Tikus itu cepat-cepat
ditangkapnya. Namun tikus itu lari ketakutan, lantas dikepung Dayuhan. Pas
tikus itu lari disela-sela batang bilaran, dapat ditangkap dengan mudah oleh
Dayuhan.
“ Nah, kamu tidak bisa bergerak
lagi, kalau-kalau nanti tubuh kamu kupegang,” ujar Dayuhan sambil memegang
tubuh tikus yang menggeliat ingin lepas.
Tak jauh dari Dayuhan
berada ada pohon pisang jaranang yang tali batangnya cukup
kokoh. Dayuhan mengambil tali dari batang pisang
jaranang itu untuk mengikat leher tikus. Uang tiga ringgit diberikan
Intingan untuk harga kerbau, diletakkan Dayuhan dibatang pohon pisang jaranang,
sambil berucap, “ Ini duitnya tiga ringgit harga kerbau saya beli lah.”
Lalu Dayuhan pulang ke
rumah mengirit tikus. Sesampai di rumah tali tikus diikatkan di ujung tangga
lalu dia memanggil :
“ Kak Intingan, ini
kerbaunya. Sudah kubeli tiga ringgit.”
Intingan dengan cepat
keluar dari dalam rumah.
“ Mana kerbaunya ?”
“ Turun dulu kamu.”
Intingan turun, namun
ia tidak melihat ada kerbau.
“ Mana kerbaunya ?”
Tanya Intingan.
“ Hati-hati Kak kalau
terinjak kerbaunya,” ujar Dayuhan.
“ Lihat, dekat kaki
kamu,” ujar Dayuhan.
Intingan memandang ke
bawah, ternyata tikus. Marah sekali ia kepada Dayuhan. Namun setelah itu ingat
akan adiknya yang tidak pintar itu, lalu dia diam saja.

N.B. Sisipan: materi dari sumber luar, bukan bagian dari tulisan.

(* Let $\mathcal{G}$ be a network of type $\mathcal{C}^1$ with exactly two stubborn agents $s_1,s_2$ and global communicator $m$, and let $\bar{G}_s$ be the signal flow graph derived from $\mathcal{G}$ as described in the context. Then, in $\bar{G}_s$: (1) for $i\in\{1,2\}$ and any node $e$, the sum of the path gains of all direct paths from $S_i$ to $e$ is at most $\dfrac{\beta_{s_i}(1-g_{e,e})}{1-g_{s_i,s_i}}$, and equality holds only when every simple path from $m$ to $e$ passes through $s_i$; (2) for any nodes $e,f$, the sum of the path gains of all direct paths from $e$ to $f$ is at most $\dfrac{1-g_{f,f}}{1-g_{e,e}}$, and equality holds only if every simple path from $m$ to $f$ passes through $e$.
   Context: Let $\mathcal{G}=(\mathcal{V},\mathcal{E})$, $\mathcal{V}=\{1,\dots,n\}$, be a directed graph, where an edge $(i,j)$ means information flows from $i$ to $j$. Its weighted adjacency matrix $W=[w_{ij}]$ is row-stochastic with $w_{ij}>0$ iff $(j,i)\in\mathcal{E}$ (self-loops allowed). Opinions follow the Friedkin–Johnsen model $\mathbf{x}(k+1)=(I-\beta)W\mathbf{x}(k)+\beta\mathbf{x}(0)$, $\beta=\mathrm{diag}(\beta_1,\dots,\beta_n)$, $\beta_i\in[0,1]$; exactly two agents $s_1,s_2$ are stubborn ($\beta_i>0$), with $\beta_{s_1},\beta_{s_2}\in(0,1)$. Type $\mathcal{C}^1$: $\mathcal{G}$ is strongly connected and some node $m$ lies on every cycle other than self-loops (a global communicator). A direct path is a path that does not pass through $m$. Signal flow graph: $G_s$ has nodes $1,\dots,n$ (node $i$ associated with the final opinion $x_i^*$ of agent $i$), two source nodes $S_1,S_2$ (initial opinions of $s_1,s_2$) and a sink $O$ (average final opinion), built from $\mathbf{x}^*=(I_n-\beta)W\mathbf{x}^*+\beta\mathbf{x}(0)$, $\bar{x}=\mathbb{1}_n^T\mathbf{x}^*/n$: for $i,j\in\{1,\dots,n\}$ there is a branch $(j,i)$ with gain $g_{i,j}=(1-\beta_i)w_{ij}$ whenever this is nonzero (so $g_{k,k}=(1-\beta_k)w_{kk}$ is the self-loop gain of $k$); there is a branch $(S_i,s_i)$ with gain $\beta_{s_i}$; and a branch $(j,O)$ with gain $1/n$ for each $j$. The graph $\bar{G}_s$ is obtained from $G_s$ by deleting every self-loop at a node $k$ and multiplying the gain of every outgoing branch of $k$ by $1/(1-g_{k,k})$. The gain of a path is the product of its branch gains (in $\bar{G}_s$); $g_{e,e}$ denotes the self-loop gain of $e$ in $G_s$. *)

From mathcomp Require Import all_boot all_order all_algebra.
Set Implicit Arguments. Unset Strict Implicit. Unset Printing Implicit Defensive.
Import Order.TTheory GRing.Theory Num.Theory.
Local Open Scope ring_scope.

Definition row_stochastic (R : numDomainType) (n : nat) (W : 'M[R]_n) : Prop :=
  (forall i j, 0 <= W i j) /\ (forall i, \sum_(j < n) W i j = 1).

(* edge (j,i) of G, i.e. information flows from j to i, iff w_ij > 0 *)
Definition edgeG (R : numDomainType) (n : nat) (W : 'M[R]_n) : rel 'I_n :=
  fun j i => 0 < W i j.

Definition strongly_connected (R : numDomainType) (n : nat) (W : 'M[R]_n) : Prop :=
  forall i j : 'I_n, connect (edgeG W) i j.
(* p is the law of the wired uniform spanning forest of Z^d, given through its values
   p A B = P(A ⊆ F, B ∩ F = ∅) on cylinder events (A, B finite): it is the weak limit of the
   wired USTs on the exhaustion by boxes [-n,n]^d. *)
Definition is_WUSF (R : realType) d (p : {fset edge d} -> {fset edge d} -> R) : Prop :=
  forall A B : {fset edge d}, (fun n : nat => ust_cyl R n A B) @ \oo --> p A B.

From HB Require Import structures.
From mathcomp Require Import all_boot all_order all_algebra.
From mathcomp Require Import finmap.
From mathcomp Require Import all_classical all_reals all_analysis.
From mathcomp Require Import zify.
Import Order.TTheory GRing.Theory Num.Theory.
Import numFieldNormedType.Exports.
Local Open Scope ring_scope.

(* Let e be an edge of H with an endpoint v that no edge of A or B meets.  In a
   wired spanning tree T of a box that avoids e, the path in T from v to the other
   end of e leaves v through an edge f, and T - f + e is again a wired spanning
   tree; it still contains A and avoids B, since f meets v.  As f is one of the
   2d - 1 other edges at v and T is recovered from T - f + e and f, at most 2d
   times as many trees contain A and avoid B as also contain e, and this bound
   passes to the weak limit.
   It remains to order H so that every edge has an endpoint met by no earlier
   edge.  Greedily take the edge of least code that has exactly one endpoint met
   or whose H-component is not met at all.  The chosen edges connect any two met
   vertices that H connects, so, H being a forest, an edge with one endpoint met
   keeps its other endpoint unmet until it is taken; and an edge eligible forever
   would be overtaken by infinitely many edges of smaller code.  Hence every edge
   of H is taken. *)

Set Implicit Arguments.
Unset Strict Implicit.
Unset Printing Implicit Defensive.

Section Connectivity.
Variables (E V : Type) (ends : E -> V * V).
Implicit Types (S : E -> Prop) (e f g : E) (a u v w x y : V).

Definition joins e u v := ends e = (u, v) \/ ends e = (v, u).
Definition incident e v := (ends e).1 = v \/ (ends e).2 = v.

Lemma joins_sym e u v : joins e u v -> joins e v u.
Proof. by case=> ?; [right|left]. Qed.

Lemma joins_ends e : joins e (ends e).1 (ends e).2.
Proof. by left; case: (ends e). Qed.

Lemma joins_incident e u v : joins e u v -> incident e u.
Proof. by rewrite /incident; case=> ->; [left|right]. Qed.

Lemma conn_trans S u v w : conn ends S u v -> conn ends S v w -> conn ends S u w.
Proof. by elim=> // {}u {}v w' e Se Je _ IH /IH; apply: conn_step Se Je. Qed.

Lemma conn_edge S e u v : S e -> joins e u v -> conn ends S u v.
Proof. by move=> Se Je; apply: conn_step Se Je (conn_refl _ _ _). Qed.

Lemma conn_sym S u v : conn ends S u v -> conn ends S v u.
Proof.
elim=> [|{}u {}v w e Se Je _ IH]; first exact: conn_refl.
exact: conn_trans IH (conn_edge Se (joins_sym Je)).
Qed.

Lemma conn_sub S S' u v :
  conn ends S u v -> (forall e, S e -> S' e) -> conn ends S' u v.
Proof.
move=> C SS'; elim: C => [|{}u {}v w e Se Je _ IH]; first exact: conn_refl.
exact: conn_step (SS' _ Se) Je IH.
Qed.

Lemma conn_adjoin S e u v : conn ends (fun g => S g \/ g = e) u v ->
  [\/ conn ends S u v,
      conn ends S u (ends e).1 /\ conn ends S (ends e).2 v |
      conn ends S u (ends e).2 /\ conn ends S (ends e).1 v].
Proof.
elim=> [?|{}u {}v w g [Sg|->] Jg _ IH]; first by apply: Or31; exact: conn_refl.
  have Cuv := conn_edge Sg Jg.
  case: IH => [Cvw|[C1 C2]|[C1 C2]].
  - by apply: Or31; exact: conn_trans Cuv Cvw.
  - by apply: Or32; split=> //; exact: conn_trans Cuv C1.
  - by apply: Or33; split=> //; exact: conn_trans Cuv C1.
move: IH; case: Jg => -> /= [Cvw|[C1 C2]|[C1 C2]];
  by [apply: Or31 | apply: Or32; split=> //; exact: conn_refl
     | apply: Or33; split=> //; exact: conn_refl].
Qed.

Lemma acyclic_sub S S' :
  acyclic ends S -> (forall g, S' g -> S g) -> acyclic ends S'.
Proof.
move=> acS S'S g S'g C; apply: (acS g (S'S _ S'g)).
by apply: (conn_sub C) => f [S'f fg]; split=> //; apply: S'S.
Qed.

“ Dayuhan, isi tajau yang kosong ini. Aku mau ke
pasar.”
Intingan pergi ke pasar
mencari kerbau. Seekor kerbau yang sedang besarnya dibelinya dengan harga tiga
ringgit. Kerbau itu lalu dibawa Intingan pulang ke rumah. Tali kerbau diikatkan
Intingan ke tiang tangga, lalu ia berteriak :
“ Oh Dayuhan ! Keluar
kamu ini kerbaunya.”
Dayuhan cepat keluar
melihat kerbau itu.
“ Duh besarnya kerbau,
tidak berani aku,” ujar Dayuhan yang cepat kembali masuk ke kamar ketakutan.
Intingan lalu memanggil
tetangga dekat rumah untuk menyembelih kerbau itu. Setelah disembelih lama
mereka membersihkan kerbau itu. Ada yang membersihkan perutnya, kulitnya,
memotong kakinya, membelah kepalanya, bermacam-macam yang mereka kerjakan.
“ Dayuhan kamu
berangkat undang warga kampung,” ujar Intingan menyuruh Dayuhan.
“ Siapa yang diundang
?” Tanya Dayuhan.
“ Tuan-tuan guru untuk
nantinya membaca do’a. Juga orang-orang di kampong sebelah.”
Dayuhan berangkat untuk
mengundang. Tapi dia pergi ke hutan kembali. Tidak ke kampung sebelah. Dayuhan
sampai ke tengah persawahan. Disana dilihatnya banyak burung putih. Burung
putih itu dikira Dayuhan tuan-tuan haji, karena bulunya putih semua.
“ Hai Patuan Haji. Kami
mengundang untuk selamatan seratus hari meninggalnya ibu saya,” ujar Dayuhan.
Burung yang banyak itu
berterbangan saat didekati Dayuhan.
“ Mereka tidak mau
diundang,” ujar Dayuhan.
Lalu dia berjalan
kembali. Lalu ia bertemu babi. Babi itu kakiny pendek, ekornya mencuir,
mulutnya luncur.
“ Oh Busu. Kami mau
mengundang acara selamatan.”
Namun babi itu tidak
menyahut, malah disodornya kaki Dayuhan sampai terjatuh. Setelah itu babi
tersebut lari masuk ke semak belukar.
“ Tidak mau pula
diundang,” ujar Dayuhan sambil mengusap kakinya yang luka bekas disodor babi.
Dayuhan melangkah
kembali, lalu bertemu pohon hambawang. Disana ada sarang lebah yang
hitam-hitam.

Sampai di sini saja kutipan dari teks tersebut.